Scots scientists create 'game-changing' palm oil alternative

The newly-developed substitute is thought to be more 'environmentally friendly'.

Scottish scientists create ‘game-changing’ palm oil alternative Queen Margaret University

Experts at a Scottish university have created a “game-changing” replacement for palm oil.

Food scientists at Queen Margaret University in Edinburgh said the new palm fat substitute is “healthier” and more “environmentally friendly” than palm oil.

The substitute, named PALM-ALT, uses products available on all continents which means it can be produced locally on a global scale.

Given the fact that palm oil production has become detrimental to the rainforest, the sustainable nature of the replacement could prove popular.

The new product could has major benefits for the environment.

Palm oil is major ingredient across the food industry, and is commonly used in the production of cakes, biscuits, pastries, confectionery, ready meals and sauces. Its high saturated fat content allows products to remain solid at room temperature and has proven crucial to the industrial bakery sector.

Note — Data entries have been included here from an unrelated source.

Lemma closed_fun_cv_le (h : vec d -> ereal) zs (rs : nat -> R) p a :
  closed_fun h -> (forall k, h (zs k) = EFin (rs k)) ->
  Un_cv (fun k => nsq (vsub (zs k) p)) 0 ->
  (forall eps, 0 < eps -> exists N, forall k, (N <= k)%coq_nat -> rs k < a + eps) ->
  exists r, h p = EFin r /\ r <= a.
Proof.
move=> h_closed h_zs zs_p rs_ub.
have not_above eps : 0 < eps -> ~ ltRe (a + eps) (h p).
  move=> eps_gt0 /h_closed [del [del_gt0 near_p]].
  have [N1 HN1] := zs_p (del * del) ltac:(nra).
  have [N2 HN2] := rs_ub eps eps_gt0.
  pose k := Nat.max N1 N2.
  have := HN1 k ltac:(lia); rewrite /Rdist Rminus_0_r Rabs_pos_eq; last exact: nsq_ge0.
  move=> /(vnorm_lt del_gt0) /near_p; rewrite h_zs /=.
  by have := HN2 k ltac:(lia); lra.
case hp: (h p) => [r|]; last by case: (not_above 1 Rlt_0_1); rewrite hp.
exists r; split => //; apply: Rnot_lt_le => ar.
by apply: (not_above ((r - a) / 2) ltac:(lra)); rewrite hp /=; lra.
Qed.

End VectorSequences.

(** * The proximal operator *)

Section Prox.
Variables (d : nat) (h : vec d -> ereal) (gam : R).
Implicit Types x y z w p : vec d.
Hypotheses (gam_gt0 : 0 < gam) (h_proper : proper_fun h) (h_closed : closed_fun h).
Hypothesis h_convex : convex_efun h.

Lemma prox_variational w p : is_prox h gam w p ->
  exists hp, h p = EFin hp /\
    forall z r, h z = EFin r -> hp - r <= / gam * inner (vsub p w) (vsub z p).
Proof.
move=> p_prox; have [hp hp_eq] : exists hp, h p = EFin hp.
  case: h_proper => x1; have := p_prox x1.
  by case: (h x1) => [a|] //; case: (h p) => [b|] //= _ _; exists b.
exists hp; split => // z r hz.
apply: (le_of_vanishing_slack (c := / (2 * gam) * nsq (vsub z p))) => t t01.
set zt := vadd (vscal t z) (vscal (1 - t) p).
have := h_convex z p t01; rewrite hz hp_eq /= -/zt; case: (h zt) (p_prox zt) => [rt|] //.
rewrite hp_eq /= (_ : vsub zt w = vadd (vsub p w) (vscal t (vsub z p))); last first.
  by apply: vec_ext => c; rewrite /zt /vadd /vsub /vscal; ring.
rewrite nsq_add inner_scalr nsq_scal Rinv_mult => p_min zt_conv.
have inv_gam := Rinv_0_lt_compat gam gam_gt0.
set I := inner (vsub p w) (vsub z p) in p_min *; set N := nsq (vsub z p) in p_min *.
have : t * (hp - r) <= t * (/ gam * I + t * (/ 2 * / gam * N)) by nra.
by case: t01 => t_gt0 _ /(Rmult_le_reg_l _ _ _ t_gt0); lra.
Qed.

Lemma prox_nonexpansive w1 w2 p1 p2 : is_prox h gam w1 p1 -> is_prox h gam w2 p2 ->
  nsq (vsub p1 p2) <= nsq (vsub w1 w2).
Proof.
move=> /prox_variational [a [ha var1]] /prox_variational [b [hb var2]].
have v1 := var1 p2 b hb; have v2 := var2 p1 a ha.
have inv_gam := Rinv_0_lt_compat gam gam_gt0.
have sum_ge0 : 0 <= inner (vsub p1 w1) (vsub p2 p1) + inner (vsub p2 w2) (vsub p1 p2) by nra.
have : inner (vsub p1 w1) (vsub p2 p1) + inner (vsub p2 w2) (vsub p1 p2)
       = inner (vsub w1 w2) (vsub p1 p2) - nsq (vsub p1 p2).
  by rewrite /nsq /inner -rsum_add -rsum_sub; apply: rsum_ext => c; rewrite /vsub; ring.
by have := inner_le_nsq (vsub w1 w2) (vsub p1 p2); lra.
Qed.

(* Closedness at a point of finite value bounds [h] below near it, and convexity
   propagates this to an affine-in-distance lower bound everywhere. *)
Lemma closed_convex_minorant :
  exists x1 A B, 0 <= B /\ forall z r, h z = EFin r -> A - B * vnorm (vsub z x1) <= r.
Proof.
case: h_proper => x1; case hx1: (h x1) => [a|] // _.
have [del [del_gt0 near_x1]] : exists del, 0 < del /\
    forall y, vnorm (vsub y x1) < del -> ltRe (a - 1) (h y).
  by apply: h_closed; rewrite hx1 /=; lra.
exists x1, (a - 1), (2 / del); split; first by apply: Rlt_le; apply: Rdiv_lt_0_compat; lra.
move=> z r hz; set s := vnorm (vsub z x1).
have s_ge0 : 0 <= s := vnorm_ge0 _.
have Bs_ge0 : 0 <= 2 / del * s.
  by apply: Rmult_le_pos => //; apply: Rlt_le; apply: Rdiv_lt_0_compat; lra.
have [s_lt | s_ge] := Rlt_le_dec s del.
  by have := near_x1 z s_lt; rewrite hz /=; lra.
pose t := del / (2 * s).
have t_gt0 : 0 < t by apply: Rdiv_lt_0_compat; lra.
have t_lt1 : t < 1.
  apply: (Rmult_lt_reg_r (2 * s)); first lra.
  by rewrite /t /Rdiv Rmult_assoc Rinv_l; lra.
set y := vadd (vscal t z) (vscal (1 - t) x1).
have y_near : vnorm (vsub y x1) < del.
  rewrite (_ : vsub y x1 = vscal t (vsub z x1)); last first.
    by apply: vec_ext => c; rewrite /y /vadd /vsub /vscal; ring.
  rewrite vnorm_scal Rabs_pos_eq -/s; last lra.
  by rewrite (_ : t * s = del / 2); [lra | rewrite /t; field; lra].
have := near_x1 y y_near; have := h_convex z x1 (conj t_gt0 t_lt1).
rewrite hz hx1 /= -/y; case: (h y) => [ry|] //= y_conv y_big.
have : t * (a - 2 / del * s) <= t * r.
  by rewrite (_ : t * (a - 2 / del * s) = t * a - 1); [lra | rewrite /t; field; lra].
by move/(Rmult_le_reg_l _ _ _ t_gt0); lra.
Qed.

Section ProxExistence.
Variable w : vec d.

Let penalty z := / (2 * gam) * nsq (vsub z w).
Lemma char_poly_adjmx :
  char_poly (adjmx e) = \prod_(i : Iirr G) ('X - (irr_eigenvalue i)%:P).
Proof.
rewrite (char_poly_diag_similar irr_mx_unit adjmx_irr_mx) (reindex Iirr_of) /=.
  by apply: eq_bigr => k _; rewrite mxE.
by exists (cast_ord (esym card_Iirr_graph_aut)) => k _; rewrite ?cast_ordK ?cast_ordKV.
Qed.

Hypothesis e_irr : irreflexive e.

(* On signs 2 (a + b) <= (1 + a) (1 + b), and by orthogonality the right-hand
   side sums to n over G, the identity contributing 4. *)
Lemma irr_eigenvalue_pair_le (i j : Iirr G) : i != j -> i != 0 -> j != 0 ->
  2 * (irr_eigenvalue i + irr_eigenvalue j) <= #|T|%:R - 4.
Proof.
move=> neq_ij i_neq0 j_neq0.
have sum_eq_n : \sum_(s in G) (1 + 'chi_i s) * (1 + 'chi_j s) = #|T|%:R.
  rewrite (eq_bigr (fun s => ('chi_0 + 'chi_i) s * ('chi_0 + 'chi_j) s)); last first.
    by move=> s sG; rewrite !cfunE irr0 cfun1E sG.
  rewrite sum_cfunM_real; last by move=> s _; rewrite cfunE rpredD ?irr_graph_aut_real.
  rewrite cfdotDl !cfdotDr !cfdot_irr eqxx !(eq_sym 0) (negbTE neq_ij).
  rewrite (negbTE i_neq0) (negbTE j_neq0) !addr0 mulr1.
  by rewrite (card_abelian_trans G_trans aut_abelian).
have chi1 k : 'chi_k 1%g = 1 :> algC := lin_char1 (char_abelianP G aut_abelian k).
have -> : 2 * (irr_eigenvalue i + irr_eigenvalue j) =
    \sum_(s in G | s != 1%g) (e v0 (s v0))%:R * (2 * ('chi_i s + 'chi_j s)).
  rewrite -big_split mulr_sumr (bigD1 1%g) //= perm1 e_irr !mul0r addr0 mulr0 add0r.
  by apply: eq_bigr => s _; ring.
have -> : #|T|%:R - 4 = \sum_(s in G | s != 1%g) (1 + 'chi_i s) * (1 + 'chi_j s).
  by rewrite -sum_eq_n (bigD1 1%g) //= !chi1; ring.
apply: ler_sum => s /andP[sG _].
by apply: sign_pair_le; apply: irr_graph_aut_sign.
Qed.

Lemma card_irr_eigenvalue_gt (c : algC) : #|T|%:R - 4 <= 4 * c ->
  (#|[set i | (c < irr_eigenvalue i)%R]| <= 2)%N.
Proof.
move=> n_le; set A := [set i | _]; rewrite -(cardID (pred1 0) A).
rewrite -[2%N]/(1 + 1)%N; apply: leq_add.
  rewrite -(card1 (0 : Iirr G)); apply: subset_leq_card.
  by apply/subsetP => i /andP[].
rewrite leqNgt; apply/negP => /card_gt1P[i [j []]].
rewrite !inE => /andP[i_neq0 i_A] /andP[j_neq0 j_A] neq_ij.
have := irr_eigenvalue_pair_le neq_ij i_neq0 j_neq0.
have : 4 * c < 2 * (irr_eigenvalue i + irr_eigenvalue j).
  rewrite (_ : 4 * c = 2 * (c + c)); last by ring.
  by rewrite ltr_pM2l ?ltr0n // ltrD.
move=> lt_4c le_n4; have := lt_le_trans lt_4c (le_trans le_n4 n_le).
by rewrite ltxx.
Qed.

End AbelianVertexTransitive.

Theorem corollary3p12 (T : finType) (e : rel T) :
  simple_graph e ->
  (3 <= #|T|)%N ->
  vertex_transitive e ->
  abelian (graph_aut e) ->
  lambda_k (adjmx e) 3 / (#|T|%:R : algC) <= 1 / 3.
Proof.
move=> [e_sym e_irr] n_ge3 e_trans aut_abelian.
have /card_gt0P[v0 _] : (0 < #|T|)%N by apply: leq_trans n_ge3.
have n_gt0 : (0 : algC) < #|T|%:R by rewrite ltr0n (leq_trans _ n_ge3).
have c_ge0 : (0 : algC) <= 1 / 3 * #|T|%:R by rewrite mulr_ge0 ?divr_ge0 ?ler0n.
rewrite ler_pdivrMr //.
apply: (lambda_k_le (k := 2)) => //.
- rewrite (char_poly_adjmx e_sym e_trans aut_abelian v0).
  by rewrite -(big_map _ xpredT (fun x => 'X - x%:P)).
- apply/allP => _ /mapP[i _ ->].
  exact: (irr_eigenvalue_real e_sym e_trans aut_abelian).
rewrite count_map -sum1_count sum1dep_card.
apply: (card_irr_eigenvalue_gt e_sym e_trans aut_abelian v0 e_irr).
have -> : 4 * (1 / 3 * #|T|%:R) = #|T|%:R + 1 / 3 * #|T|%:R :> algC by field.
by rewrite lerD2l (le_trans _ c_ge0) // oppr_le0 ler0n.
Qed.
Lemma nest_indices_range :
  all (fun q : nat * nat * nat * nat => let: (i, j, k, l) := q in
         all (fun n => 0 < n <= 6) [:: i; j; k; l])
      (nest_circuits ++ nest_cocircuits).
Proof. by []. Qed.

Lemma eq_ix (a : 'I_6) n : 0 < n <= 6 -> (a == ix n) = (a.+1 == n).
Proof. by case: n => // n /andP[_ ltn6]; rewrite eqSS -val_eqE /= inordK. Qed.

Lemma mem_quadn q x : (q \in nest_circuits) || (q \in nest_cocircuits) ->
  (x \in quadn q) = quadb q x.
Proof.
rewrite -mem_cat => /(allP nest_indices_range).
case: q => [[[i j] k] l] /and5P[ri rj rk rl _]; case: x => a b.
rewrite !inE /e /e' !xpair_eqE !eq_ix //.
by case: b; rewrite /= !inE ?andbF ?andbT ?orbF.
Qed.

Definition sixb (c : nat * nat * nat * nat) (b : bool) (x : Gnd) : bool :=
  quadb c x != (x.2 == b).

Lemma mem_six c b x : c \in nest_circuits -> (x \in symdiff (quadn c) (half b)) = sixb c b x.
Proof. by move=> cQ; rewrite in_symdiff mem_quadn ?cQ // inE. Qed.

Lemma card_elems (A : {pred Gnd}) (p : pred Gnd) :
  (forall x, (x \in A) = p x) -> #|A| = count p elems.
Proof. by move=> Ap; rewrite (card_count_mem A elems_uniq mem_elems); apply: eq_count. Qed.

Lemma card_quadn_setI q (A : {set Gnd}) (p : pred Gnd) :
  (q \in nest_circuits) || (q \in nest_cocircuits) -> (forall x, (x \in A) = p x) ->
  #|quadn q :&: A| = count (predI (quadb q) p) elems.
Proof. by move=> qN Ap; apply: card_elems => x; rewrite inE mem_quadn // Ap. Qed.

(* Necessary conditions on the list [t] of elements of a circuit with at most
   six elements: [count (quadb q) t] is the size of its meet with [quadn q]. *)
Definition nest_candidate (t : seq Gnd) : bool :=
  [&& 0 < size t <= 6,
      all (fun d => count (quadb d) t != 1) nest_cocircuits &
      all (fun c => (count (quadb c) t == 4) ==> (size t == 4)) nest_circuits].

Definition nest_small_sets : seq (seq Gnd) :=
  [seq filter (quadb c) elems | c <- nest_circuits] ++
  [seq filter (sixb c b) elems | c <- nest_circuits, b <- [:: false; true]] ++
  [seq filter (fun x => x.2 == b) elems | b <- [:: false; true]].

Lemma nest_candidates_small :
  all (fun t => nest_candidate t ==> (t \in nest_small_sets)) (subseqs elems).
Proof. by vm_compute. Qed.

Lemma nest_quad_counts : all (fun c => count (quadb c) elems == 4) nest_circuits.
Proof. by vm_compute. Qed.

Lemma nest_six_counts :
  all (fun c => all (fun b => count (sixb c b) elems == 6) [:: false; true]) nest_circuits.
Proof. by vm_compute. Qed.

Lemma nest_six_meets :
  all (fun c => all (fun b =>
         has (fun d => count (predI (quadb d) (sixb c b)) elems == 0) nest_cocircuits &&
         all (fun c' => count (predI (quadb c') (sixb c b)) elems != 4) nest_circuits)
       [:: false; true]) nest_circuits.
Proof. by vm_compute. Qed.
(* Let $P$ and $Q$ be locally finite posets and let $f:P\to Q$, $g:Q\to P$ be order-preserving maps forming a Galois connection $f\dashv g$, i.e. $f(x)\le_Q y \iff x\le_P g(y)$ for all $x\in P$, $y\in Q$. Extend $f$ linearly to a map $\mathbf{k}P\to\mathbf{k}Q$. For $x\in P$ and $a\in Q$ let $\omega_x^P=\sum_{x\le_P y}\mu_P(x,y)\,y$ and $\omega_a^Q=\sum_{a\le_Q b}\mu_Q(a,b)\,b$. Then for every $x\in P$, \[ f(\omega_x^P)=\sum_{a\in Q\,:\,g(a)=x}\omega_a^Q. \]
   Context: $\mathbf{k}$ is a field of characteristic $0$. For a poset $P$, $\mathbf{k}P$ denotes the vector space with basis the elements of $P$ (the linearization of $P$). $\mu_P$ denotes the Möbius function of $P$: $\mu_P(x,x)=1$ and $\mu_P(x,y)=-\sum_{x\le z<y}\mu_P(x,z)$ for $x<y$ (and $0$ if $x\not\le y$). The elements $\omega_x^P$ are called the inverted basis of $\mathbf{k}P$. (Sums are assumed to make sense, e.g. for the relevant posets finite.) *)

From HB Require Import structures.
From mathcomp Require Import all_boot all_order all_algebra.
Set Implicit Arguments. Unset Strict Implicit. Unset Printing Implicit Defensive.
Import Order.TTheory GRing.Theory.
Local Open Scope ring_scope.

(* Linearization kP of a finite poset P: formal k-linear combinations of the
   elements of P, represented by their coefficient function {ffun P -> k^o}. *)
Section Linearization.
Variable k : fieldType.

Definition basisv (P : finType) (x : P) : {ffun P -> k^o} :=
  [ffun y => if y == x then 1 else 0].

Definition linext (P Q : finType) (f : P -> Q) (v : {ffun P -> k^o}) : {ffun Q -> k^o} :=
  \sum_(x : P) v x *: basisv (f x).

(* Möbius function, by the recursion mu(x,x)=1,
   mu(x,y) = - sum_{x <= z < y} mu(x,z) for x < y, and 0 if not x <= y.
   Fuel #|P| suffices since every chain has at most #|P| elements. *)
Fixpoint mobius_aux (d : Order.disp_t) (P : finPOrderType d) (n : nat) (x y : P) : k :=
  match n with
  | 0 => 0
  | n'.+1 =>
      if x == y then 1
      else if (x <= y)%O then
        - \sum_(z : P | (x <= z)%O && (z < y)%O) mobius_aux n' x z
      else 0
  end.

Definition mobius (d : Order.disp_t) (P : finPOrderType d) (x y : P) : k :=
  mobius_aux #|P| x y.

Definition omega (d : Order.disp_t) (P : finPOrderType d) (x : P) : {ffun P -> k^o} :=
  \sum_(y : P | (x <= y)%O) mobius x y *: basisv y.

End Linearization.

(* Both sides of the identity are determined by their sums over the down-sets
   {b <= c} of Q, since such down-sums determine a function by induction on c.
   Summing omega_x^P over a down-set {y <= p} gives [x = p] (this is the
   defining recursion of the Moebius function), so the down-sum of
   f(omega_x^P) at c is the sum of omega_x^P over {y : f y <= c} = {y <= g c},
   i.e. [x = g c].  The down-sum of the right-hand side at c is
   sum_{g a = x} [a = c] = [g c = x] as well. *)
From HB Require Import structures.
From mathcomp Require Import all_boot all_order all_algebra.

Set Implicit Arguments.
Unset Strict Implicit.
Unset Printing Implicit Defensive.

Import Order.TTheory GRing.Theory.
Local Open Scope ring_scope.

Section Linearization.
Variable k : fieldType.

Lemma scale_basisvE (T : finType) (a : k) (x y : T) :
  (a *: @basisv k T x) y = if y == x then a else 0.
Proof. by rewrite !ffunE; case: eqP; rewrite ?scaler0 // => _; apply: mulr1. Qed.

Lemma linextE (T U : finType) (f : T -> U) (v : {ffun T -> k^o}) (b : U) :
  linext f v b = \sum_(y | f y == b) v y.
Proof.
rewrite /linext sum_ffunE [RHS]big_mkcond; apply: eq_bigr => y _.
by rewrite scale_basisvE eq_sym.
Qed.

Lemma sum_linext (T U : finType) (f : T -> U) (v : {ffun T -> k^o}) (A : pred U) :
  \sum_(b | A b) linext f v b = \sum_(y | A (f y)) v y.
Proof.
rewrite [RHS](partition_big f A) //=; apply: eq_bigr => b Ab; rewrite linextE.
by apply: eq_bigl => y; case: eqP => [->|]; rewrite ?Ab ?andbF.
Qed.

End Linearization.

Section Mobius.
Variables (k : fieldType) (d : Order.disp_t) (P : finPOrderType d).
Implicit Types x y z : P.

Definition below y := [set z | (z < y)%O].

Lemma card_below_lt z y : (z < y)%O -> (#|below z| < #|below y|)%N.
Proof.
move=> zy; apply: proper_card; apply/properP; split.
  by apply/subsetP => w; rewrite !inE => /lt_trans; apply.
by exists z; rewrite !inE ?zy ?ltxx.
Qed.

Lemma card_below_ltT y : (#|below y| < #|P|)%N.
Proof.
apply: proper_card; apply/properP; split; first exact/subsetP.
by exists y; rewrite ?inE ?ltxx.
Qed.

(* The fuel of [mobius_aux] is irrelevant once it exceeds the number of
   elements below [y], since each recursive call strictly decreases it. *)
Lemma mobius_aux_fuel n m x y :
  (#|below y| < n)%N -> (#|below y| < m)%N ->
  @mobius_aux k d P n x y = mobius_aux k m x y.
Proof.
elim: n m x y => [|n IHn] [|m] x y //=; rewrite !ltnS => yn ym.
case: eqP => // _; case: ifP => // _; congr (- _).
apply: eq_bigr => z /andP[_ zy]; have zlty := card_below_lt zy.
by apply: IHn; apply: leq_trans zlty _.
Qed.

Lemma mobiusxx x : @mobius k d P x x = 1.
Proof.
by rewrite /mobius; case: #|P| (card_below_ltT x) => //= n _; rewrite eqxx.
Qed.

Lemma mobius_lt x y : (x < y)%O ->
  @mobius k d P x y = - \sum_(z | (x <= z)%O && (z < y)%O) mobius k x z.
Proof.
move=> xy; rewrite /mobius; case E: #|P| (card_below_ltT y) => [|n] // yn.
rewrite [LHS]/= (lt_eqF xy) (ltW xy); congr (- _); apply: eq_bigr => z /andP[_ zy].
have zn := leq_trans (card_below_lt zy) yn.
by apply: mobius_aux_fuel => //; apply: ltnW.
Qed.

Lemma sum_mobius_interval x z : (x <= z)%O ->
  \sum_(y | (x <= y)%O && (y <= z)%O) @mobius k d P x y = (x == z)%:R.
Proof.
case: (eqVneq x z) => [<- _|xz_neq xz].
  by rewrite (big_pred1 x) ?mobiusxx // => y; rewrite -eq_le eq_sym.
rewrite (bigD1 z) /= ?xz ?lexx // mobius_lt ?lt_neqAle ?xz_neq //.
rewrite addrC (eq_bigl (fun y => (x <= y)%O && (y < z)%O)) ?subrr // => y.
by rewrite lt_neqAle -andbA [(y != z) && _]andbC.
Qed.

Lemma omegaE x y : @omega k d P x y = if (x <= y)%O then mobius k x y else 0.
Proof.
rewrite /omega sum_ffunE.
under eq_bigr do rewrite scale_basisvE.
rewrite -big_mkcondr.
case: ifP => xy.
  by rewrite (big_pred1 y) // => z /=; rewrite eq_sym andbC; case: eqP => // ->.
by rewrite big1 // => z /andP[xz /eqP yz]; rewrite yz xz in xy.
Qed.

Lemma sum_omega_le x c :
  \sum_(b | (b <= c)%O) @omega k d P x b = (x == c)%:R.
Proof.
under eq_bigr do rewrite omegaE.
rewrite -big_mkcondr /=; have [xc|xNc] := boolP (x <= c)%O.
  by rewrite -sum_mobius_interval //; apply: eq_bigl => y; rewrite andbC.
rewrite big_pred0; first by case: eqP xNc => // ->; rewrite lexx.
by move=> y; apply/andP => -[yc xy]; rewrite (le_trans xy yc) in xNc.
Qed.

Lemma down_sum_inj (V : zmodType) (F G : P -> V) :
  (forall c, \sum_(b | (b <= c)%O) F b = \sum_(b | (b <= c)%O) G b) ->
  F =1 G.
Proof.
move=> eqFG c; move: {2}#|below c| (leqnn #|below c|) => n.
elim/ltn_ind: n c => n IHn c cn; have := eqFG c.
rewrite (bigD1 c) // [X in _ = X](bigD1 c) //=.
have -> : \sum_(b | (b <= c)%O && (b != c)) F b
        = \sum_(b | (b <= c)%O && (b != c)) G b.
  apply: eq_bigr => b /andP[bc bNc]; apply: (IHn #|below b|) => //.
  by apply: leq_trans cn; apply: card_below_lt; rewrite lt_neqAle bNc.
exact: addIr.
Qed.

End Mobius.

Theorem mainTheorem1 (k : fieldType) (hk : [pchar k] =i pred0)
  (dP dQ : Order.disp_t) (P : finPOrderType dP) (Q : finPOrderType dQ)
  (f : P -> Q) (g : Q -> P)
  (hf : {homo f : x y / (x <= y)%O})
  (hg : {homo g : x y / (x <= y)%O})
  (hgal : forall (x : P) (y : Q), (f x <= y)%O = (x <= g y)%O)
  (x : P) :
  @linext k P Q f (@omega k dP P x) = \sum_(a : Q | g a == x) @omega k dQ Q a.
Proof.
apply/ffunP; apply: down_sum_inj => c.
rewrite sum_linext (eq_bigl (fun y => (y <= g c)%O)) => [|y]; last exact: hgal.
rewrite sum_omega_le.
under eq_bigr do rewrite sum_ffunE.
rewrite exchange_big /=.
under eq_bigr do rewrite sum_omega_le.
rewrite big_mkcond (bigD1 c) //= big1 ?addr0 => [|a /negbTE ->]; last by case: ifP.
by rewrite eqxx eq_sym; case: eqP.
Qed.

As well as the environmental benefits, the replacement could offer significant solutions for the food industry allowing manufacturers to satisfy increasing consumer demand for lower fat, healthier food products.

Should the industry opt to use the new replacement, there is a potential to significantly lower greenhouse gas emissions by reducing the impact of food miles and deforestation of global rainforests associated with palm production.

The new substitute known as PALM-ALT has been developed by Dr Julien Lonchamp, reader in Food Science, and Catriona Liddle, head of the Scottish Centre for Food Development and Innovation (SCFDI) at Queen Margaret University, Edinburgh.

Ms Liddle said: “Palm can only be harvested in rainforest areas of the globe, thousands of miles away from many of the countries that use the product.

“Current production methods leading to deforestation of tropical rainforests in Malaysia and Indonesia have led to the destruction of animals’ natural habitat, and high greenhouse gas emissions linked to its global transport.

“It is therefore essential to develop an alternative product, which works well for the food industry and helps reduce the world’s overreliance on palm.”

The research team confirmed that the substitute product is palm and coconut free and 100% plant based.

It’s also an allergen-free product with no added flavourings, sugar, sweeteners, preservatives or colourings.

Dr Lonchamp said: “Following a preliminary study to show the potential of a novel ingredient composed of a linseed industry by-product, fibre and rapeseed oil, the QMU team secured funding from *Innovate UK to demonstrate the feasibility of PALM-ALT, develop its production to factory level, and collaborate with a range of food companies to develop palm-free versions of their commercial products.”